• **WORK REQUIRED**
Copying exactly, give the lines in the material below from the one with "apply/seteqP; split=> y /=;" to the one with "Hypotheses (hle : pogroup le) (hx", ends included, and nothing besides.

• **SOURCE DATA**

(* Let $n\ge 1$ and let $M=\Gamma(H\,\overrightarrow{\times}\,G,(u,0))$, where $(H,u)$ is a linearly ordered group with strong unit $u$ and $G$ is a Dedekind $\sigma$-complete $\ell$-group. Let $x:\mathcal B(\mathbb R^n)\to M$ be an $n$-dimensional observable and define $F:\mathbb R^n\to M$ by $$F(t_1,\ldots,t_n)=x\big((-\infty,t_1)\times\cdots\times(-\infty,t_n)\big).$$ Then: (1) $F(s_1,\ldots,s_n)\le F(t_1,\ldots,t_n)$ whenever $s_i\le t_i$ for all $i$; (2) $\bigvee_{(s_1,\ldots,s_n)\in\mathbb R^n}F(s_1,\ldots,s_n)$ exists in $M$ and equals $1=(u,0)$; (3) for every $(t_1,\ldots,t_n)\in\mathbb R^n$, $\bigvee_{(s_1,\ldots,s_n)\ll(t_1,\ldots,t_n)}F(s_1,\ldots,s_n)$ exists and equals $F(t_1,\ldots,t_n)$; (4) for every $i\in\{1,\ldots,n\}$ and all $s_1,\ldots,s_n\in\mathbb R$, $\bigwedge_{t_i\in\mathbb R}F(s_1,\ldots,s_{i-1},t_i,s_{i+1},\ldots,s_n)$ exists and equals $0$; (5) (volume condition) for all reals $a_i\le b_i$, $i=1,\ldots,n$, $$1\ge \Delta_1(a_1,b_1)\big(\cdots\big(\Delta_n(a_n,b_n)F(s_1,\ldots,s_n)\big)\cdots\big)\ge 0,$$ where for a map $K:\mathbb R^n\to H\,\overrightarrow{\times}\,G$, $\Delta_i(a_i,b_i)K(s_1,\ldots,s_n)=K(s_1,\ldots,s_{i-1},b_i,s_{i+1},\ldots,s_n)-K(s_1,\ldots,s_{i-1},a_i,s_{i+1},\ldots,s_n)$, the subtraction being computed in the group $H\,\overrightarrow{\times}\,G$.
   Context: For po-groups $H,G$, $H\,\overrightarrow{\times}\,G$ is the group $H\times G$ with the lexicographic order: $(h_1,g_1)\le(h_2,g_2)$ iff $h_1<h_2$, or $h_1=h_2$ and $g_1\le g_2$. For a unital $\ell$-group $(K,v)$, $\Gamma(K,v)$ is the MV-algebra $([0,v];\oplus,',0,v)$ with $a\oplus b=(a+b)\wedge v$, $a'=v-a$. A $\ell$-group $G$ is Dedekind $\sigma$-complete if every countable subset bounded above has a supremum. On $M$ a partial addition is defined: $a+b$ is defined iff $a\le b'$ and then $a+b$ is the group sum. A sequence $(a_m)_m$ in $M$ is summable if every finite subfamily has a (finite, iterated) sum in $M$; its sum $\sum_m a_m$ is the supremum in $M$ of all finite partial sums, if it exists. An $n$-dimensional observable is a map $x:\mathcal B(\mathbb R^n)\to M$ (Borel sets) with $x(\mathbb R^n)=1$ such that for every sequence $(A_m)_m$ of pairwise disjoint Borel sets, $(x(A_m))_m$ is summable and $x(\bigcup_m A_m)=\sum_m x(A_m)$. For $\mathbf s,\mathbf t\in\mathbb R^n$, $\mathbf s\ll\mathbf t$ means $s_i<t_i$ for all $i$. *)

From mathcomp Require Import all_boot all_order all_algebra.
From mathcomp Require Import all_classical all_reals all_analysis.
Set Implicit Arguments.
Unset Strict Implicit.
Unset Printing Implicit Defensive.
Import GRing.Theory Num.Theory numFieldNormedType.Exports.
Local Open Scope classical_set_scope.
Local Open Scope ring_scope.

Definition is_sup_in (T : Type) (le : T -> T -> Prop) (P S : set T) (s : T) :=
  [/\ P s, (forall y, S y -> le y s) &
      (forall b, P b -> (forall y, S y -> le y b) -> le s b)].

Definition is_inf_in (T : Type) (le : T -> T -> Prop) (P S : set T) (s : T) :=
  [/\ P s, (forall y, S y -> le s y) &
      (forall b, P b -> (forall y, S y -> le b y) -> le b s)].

Definition pogroup (G : zmodType) (le : G -> G -> Prop) : Prop :=
  [/\ (forall a, le a a),
      (forall a b, le a b -> le b a -> a = b),
      (forall a b c, le a b -> le b c -> le a c) &
      (forall a b c, le a b -> le (a + c) (b + c))].

Definition lgroup (G : zmodType) (le : G -> G -> Prop) : Prop :=
  pogroup le /\
  forall a b : G, (exists s, is_sup_in le setT [set a; b] s) /\
                  (exists i, is_inf_in le setT [set a; b] i).

Definition linear_group (G : zmodType) (le : G -> G -> Prop) : Prop :=
  pogroup le /\ forall a b : G, le a b \/ le b a.

Definition strong_unit (G : zmodType) (le : G -> G -> Prop) (u : G) : Prop :=
  le 0 u /\ forall g : G, exists k : nat, le g (u *+ k).

(* Dedekind sigma-complete: every (nonempty) countable subset bounded above
   has a supremum; countable nonempty subsets = ranges of sequences. *)
Definition dedekind_sigma_complete (G : zmodType) (le : G -> G -> Prop) : Prop :=
  forall f : nat -> G, (exists b, forall k, le (f k) b) ->
    exists s, is_sup_in le setT (range f) s.

Definition lexle (H G : zmodType) (leH : H -> H -> Prop) (leG : G -> G -> Prop)
  (p q : H * G) : Prop :=
  (p.1 <> q.1 /\ leH p.1 q.1) \/ (p.1 = q.1 /\ leG p.2 q.2).

Definition Gamma_set (K : zmodType) (le : K -> K -> Prop) (v : K) : set K :=
  [set a | le 0 a /\ le a v].

(* iterated partial sum a_{i1} + (a_{i2} + (... + 0)) in Gamma(K,v), where
   a + b is defined iff a <= b' = v - b. [isum_eq le v a s b] means the
   iterated sum over the index list s is defined and equals b. *)
Fixpoint isum_eq (K : zmodType) (le : K -> K -> Prop) (v : K) (a : nat -> K)
  (s : seq nat) (b : K) : Prop :=
  match s with
  | [::] => b = 0
  | i :: s' => exists c, isum_eq le v a s' c /\ le (a i) (v - c) /\ b = a i + c
  end.

Definition summable (K : zmodType) (le : K -> K -> Prop) (v : K) (a : nat -> K) :=
  forall s : seq nat, uniq s -> exists b, isum_eq le v a s b.

Definition is_sum (K : zmodType) (le : K -> K -> Prop) (v : K) (a : nat -> K)
  (sigma : K) :=
  is_sup_in le (Gamma_set le v)
    [set b | exists s : seq nat, uniq s /\ isum_eq le v a s b] sigma.

Definition borel (R : realType) (n : nat) : set (set 'rV[R]_n) :=
  <<s [set A : set 'rV[R]_n | open A] >>.

Definition observable (R : realType) (n : nat) (K : zmodType)
  (le : K -> K -> Prop) (v : K) (x : set 'rV[R]_n -> K) : Prop :=
  [/\ (forall A, borel A -> Gamma_set le v (x A)),
      x setT = v &
      (forall A : nat -> set 'rV[R]_n,
        (forall m, borel (A m)) ->
        (forall i j, i <> j -> A i `&` A j = set0) ->
        summable le v (fun m => x (A m)) /\
        is_sum le v (fun m => x (A m)) (x (\bigcup_m A m)))].

Definition lbox (R : realType) (n : nat) (t : 'rV[R]_n) : set 'rV[R]_n :=
  [set s | forall i : 'I_n, s ord0 i < t ord0 i].

Definition sll (R : realType) (n : nat) (s t : 'rV[R]_n) : Prop :=
  forall i : 'I_n, s ord0 i < t ord0 i.

Definition upd (R : realType) (n : nat) (s : 'rV[R]_n) (i : 'I_n) (r : R)
  : 'rV[R]_n := \row_j (if j == i then r else s ord0 j).

Definition Delta (R : realType) (n : nat) (K : zmodType) (i : 'I_n) (a b : R)
  (F : 'rV[R]_n -> K) : 'rV[R]_n -> K :=
  fun s => F (upd s i b) - F (upd s i a).

Definition volume (R : realType) (n : nat) (K : zmodType) (a b : 'rV[R]_n)
  (F : 'rV[R]_n -> K) : 'rV[R]_n -> K :=
  foldr (fun i G => Delta i (a ord0 i) (b ord0 i) G) F (enum 'I_n).

(* An observable is a measure with values in the interval [0, v] of a
   partially ordered group: it is finitely additive, hence monotone with
   x (B `\` A) = x B - x A, and sigma-additivity makes x of an increasing union
   the least upper bound of the values on its members (continuity from above
   follows by taking differences inside the first member).  Then (1) is
   monotonicity; (2) and (3) exhaust R^n, resp. the open orthant below t, by the
   orthants below (k, ..., k), resp. t - (1/(k+1), ..., 1/(k+1)); (4) uses the
   orthants whose i-th bound is -k, which decrease to the empty set; and in (5)
   the iterated difference telescopes to x of the box [a_1, b_1) x ... x
   [a_n, b_n), which lies in [0, v]. *)

From Pilot Require Import Defs.
From mathcomp Require Import all_boot all_order all_algebra.
From mathcomp Require Import all_classical all_reals all_analysis.
Import Order.TTheory GRing.Theory Num.Theory numFieldNormedType.Exports.
Local Open Scope classical_set_scope.
Local Open Scope ring_scope.

Set Implicit Arguments.
Unset Strict Implicit.
Unset Printing Implicit Defensive.

Section POGroup.
Variables (K : zmodType) (le : K -> K -> Prop).
Hypothesis hle : pogroup le.

Lemma po_lexx a : le a a. Proof. by case: hle. Qed.

Lemma po_anti a b : le a b -> le b a -> a = b.
Proof. by case: hle => _ anti _ _; exact: anti. Qed.

Lemma po_trans a b c : le a b -> le b c -> le a c.
Proof. by case: hle => _ _ tr _; exact: tr. Qed.

Lemma po_lerD2r c a b : le a b -> le (a + c) (b + c).
Proof. by case: hle => _ _ _ mon; exact: mon. Qed.

Lemma po_lerD2l c a b : le a b -> le (c + a) (c + b).
Proof. by rewrite ![c + _]addrC; exact: po_lerD2r. Qed.

Lemma po_lerD a b c d : le a b -> le c d -> le (a + c) (b + d).
Proof. by move=> /(po_lerD2r c) ab /(po_lerD2l b); exact: po_trans. Qed.

Lemma po_addr_ge0 a b : le 0 a -> le 0 b -> le 0 (a + b).
Proof. by move=> a0 b0; rewrite -(addr0 0); exact: po_lerD. Qed.

Lemma po_subr_ge0 a b : le 0 (b - a) <-> le a b.
Proof.
split=> [/(po_lerD2r a)|/(po_lerD2r (- a))]; first by rewrite add0r subrK.
by rewrite subrr.
Qed.

Lemma po_lerN2 a b : le a b -> le (- b) (- a).
Proof. by move=> /(po_lerD2r (- a - b)); rewrite addrA subrr add0r addrCA subrr addr0. Qed.

Lemma po_lerB2l c a b : le (c - a) (c - b) <-> le b a.
Proof.
split=> [/po_lerN2|/po_lerN2/(po_lerD2l c)] //.
by rewrite !opprB => /(po_lerD2r c); rewrite !subrK.
Qed.

Lemma po_sumr_ge0 (I : Type) (r : seq I) (P : pred I) (a : I -> K) :
  (forall i, P i -> le 0 (a i)) -> le 0 (\sum_(i <- r | P i) a i).
Proof. by move=> a_ge0; elim/big_ind: _ => //; [exact: po_lexx|exact: po_addr_ge0]. Qed.

Lemma po_ler_sum_uniq (I : eqType) (r s : seq I) (a : I -> K) :
  uniq r -> uniq s -> (forall i, i \in r -> i \notin s -> a i = 0) ->
  (forall i, i \in s -> le 0 (a i)) ->
  le (\sum_(i <- r) a i) (\sum_(i <- s) a i).
Proof.
move=> r_uniq s_uniq a0 a_ge0.
have -> : \sum_(i <- r) a i = \sum_(i <- r | i \in s) a i.
  rewrite [RHS]big_mkcond /= !big_seq; apply: eq_bigr => i ir.
  by case: ifP => // /negbT /(a0 _ ir).
have -> : \sum_(i <- r | i \in s) a i = \sum_(i <- s | i \in r) a i.
  rewrite -big_filter -[RHS]big_filter; apply/perm_big/uniq_perm; rewrite ?filter_uniq //.
  by move=> i; rewrite !mem_filter andbC.
rewrite [X in le _ X](bigID (mem r)) /= -[X in le X _]addr0.
apply: po_lerD; first exact: po_lexx.
by rewrite big_seq_cond; apply: po_sumr_ge0 => i /andP[+ _]; exact: a_ge0.
Qed.

End POGroup.

Section PartialSums.
Variables (K : zmodType) (le : K -> K -> Prop) (v : K) (a : nat -> K).

Lemma isum_eqE s b : isum_eq le v a s b -> b = \sum_(i <- s) a i.
Proof.
elim: s b => [|i s IH] b /=; first by rewrite big_nil.
by case=> c [/IH -> [_ ->]]; rewrite big_cons.
Qed.

Hypotheses (hle : pogroup le) (a_Gamma : forall i, Gamma_set le v (a i)).

Lemma isum_eq_Gamma s b : le 0 v -> isum_eq le v a s b -> Gamma_set le v b.
Proof.
move=> v_ge0; elim: s b => [|i s IH] b /=; first by move=> ->; split; [exact: (po_lexx hle 0)|].
case=> c [/IH [c_ge0 _] [ai_le ->]]; split.
  by apply: (po_addr_ge0 hle) => //; case: (a_Gamma i).
by move: ai_le => /(po_lerD2r hle c); rewrite subrK.
Qed.

End PartialSums.

Section Borel.
Variables (R : realType) (n : nat).
Local Notation borelType := (g_sigma_algebraType [set A : set 'rV[R]_n | open A]).
Implicit Types A B : set 'rV[R]_n.

Lemma borel0 : borel (set0 : set 'rV[R]_n). Proof. exact: (@measurable0 _ borelType). Qed.

Lemma borelT : borel (setT : set 'rV[R]_n). Proof. exact: (@measurableT _ borelType). Qed.

Lemma borelD A B : borel A -> borel B -> borel (A `\` B).
Proof. exact: (@measurableD _ borelType). Qed.

Lemma borel_bigcap (A : nat -> set 'rV[R]_n) :
  (forall k, borel (A k)) -> borel (\bigcap_k A k).
Proof. exact: (@bigcapT_measurable _ borelType). Qed.

Lemma borel_forall (Q : 'I_n -> set 'rV[R]_n) :
  (forall j, borel (Q j)) -> borel [set y | forall j, Q j y].
Proof.
move=> Q_borel; have -> : [set y | forall j, Q j y] = \bigcap_(j in [set: 'I_n]) Q j.
  by apply/seteqP; split=> y /= Qy j //; exact: Qy.
by apply: (@fin_bigcap_measurable _ borelType) => [|j _]; [exact: finite_finset|exact: Q_borel].
Qed.

Lemma borel_coord_lt (j : 'I_n) (c : R) : borel [set y : 'rV[R]_n | y ord0 j < c].
Proof.
apply: sub_sigma_algebra.
change (open ((fun y : 'rV[R]_n => y ord0 j) @^-1` [set r | r < c])).
by apply: open_comp; [move=> y _; exact: coord_continuous|exact: open_lt].
Qed.

Lemma borel_coord_itv (j : 'I_n) (c d : R) :
  borel [set y : 'rV[R]_n | c <= y ord0 j < d].
Proof.
have -> : [set y : 'rV[R]_n | c <= y ord0 j < d] =
          [set y | y ord0 j < d] `\` [set y | y ord0 j < c].
  apply/seteqP; split=> y /=; first by move=> /andP[cy ->]; rewrite ltNge cy.
  by move=> [-> /negP]; rewrite -leNgt => ->.
by apply: borelD; exact: borel_coord_lt.
Qed.

Lemma borel_lbox (t : 'rV[R]_n) : borel (lbox t).
Proof. by apply: borel_forall => j; exact: borel_coord_lt. Qed.

End Borel.

Section Observable.
Variables (R : realType) (n : nat) (K : zmodType) (le : K -> K -> Prop) (v : K).
Variable x : set 'rV[R]_n -> K.
Hypotheses (hle : pogroup le) (hx : observable le v x).
Implicit Types A B : set 'rV[R]_n.

Lemma observable_Gamma A : borel A -> Gamma_set le v (x A).
Proof. by case: hx => Gx _ _; exact: Gx. Qed.

Lemma observable_ge0 A : borel A -> le 0 (x A).
Proof. by move=> /observable_Gamma[]. Qed.

Lemma unit_ge0 : le 0 v.
Proof. by case: hx => _ xT _; rewrite -xT; exact: observable_ge0 (@borelT R n). Qed.

(* Qualified: MathComp-Analysis has its own [summable]. *)
Lemma observable_is_sum (A : nat -> set 'rV[R]_n) :
  (forall k, borel (A k)) -> (forall i j, i <> j -> A i `&` A j = set0) ->
  Defs.summable le v (fun k => x (A k)) /\ is_sum le v (fun k => x (A k)) (x (\bigcup_k A k)).
Proof. by case: hx => _ _; exact. Qed.

Lemma observable0 : x set0 = 0.
Proof.
have [summ [_ ub _]] :=
  observable_is_sum (fun _ => @borel0 R n) (fun _ _ _ => setI0 set0).
rewrite bigcup0 // in ub.
have [b b_sum] := summ [:: 0; 1]%N erefl.
have /ub : exists s, uniq s /\ isum_eq le v (fun=> x set0) s b by exists [:: 0; 1]%N.
rewrite (isum_eqE b_sum) !big_cons big_nil addr0 => /(po_lerD2r hle (- x set0)).
rewrite addrK subrr => x0_le0.
exact: (po_anti hle x0_le0 (observable_ge0 (@borel0 R n))).
Qed.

• **WRITTEN RESPONSE**
  apply/seteqP; split=> y /=; first by move=> /andP[cy ->]; rewrite ltNge cy.
  by move=> [-> /negP]; rewrite -leNgt => ->.
by apply: borelD; exact: borel_coord_lt.
Qed.

Lemma borel_lbox (t : 'rV[R]_n) : borel (lbox t).
Proof. by apply: borel_forall => j; exact: borel_coord_lt. Qed.

End Borel.

Section Observable.
Variables (R : realType) (n : nat) (K : zmodType) (le : K -> K -> Prop) (v : K).
Variable x : set 'rV[R]_n -> K.
Hypotheses (hle : pogroup le) (hx : observable le v x).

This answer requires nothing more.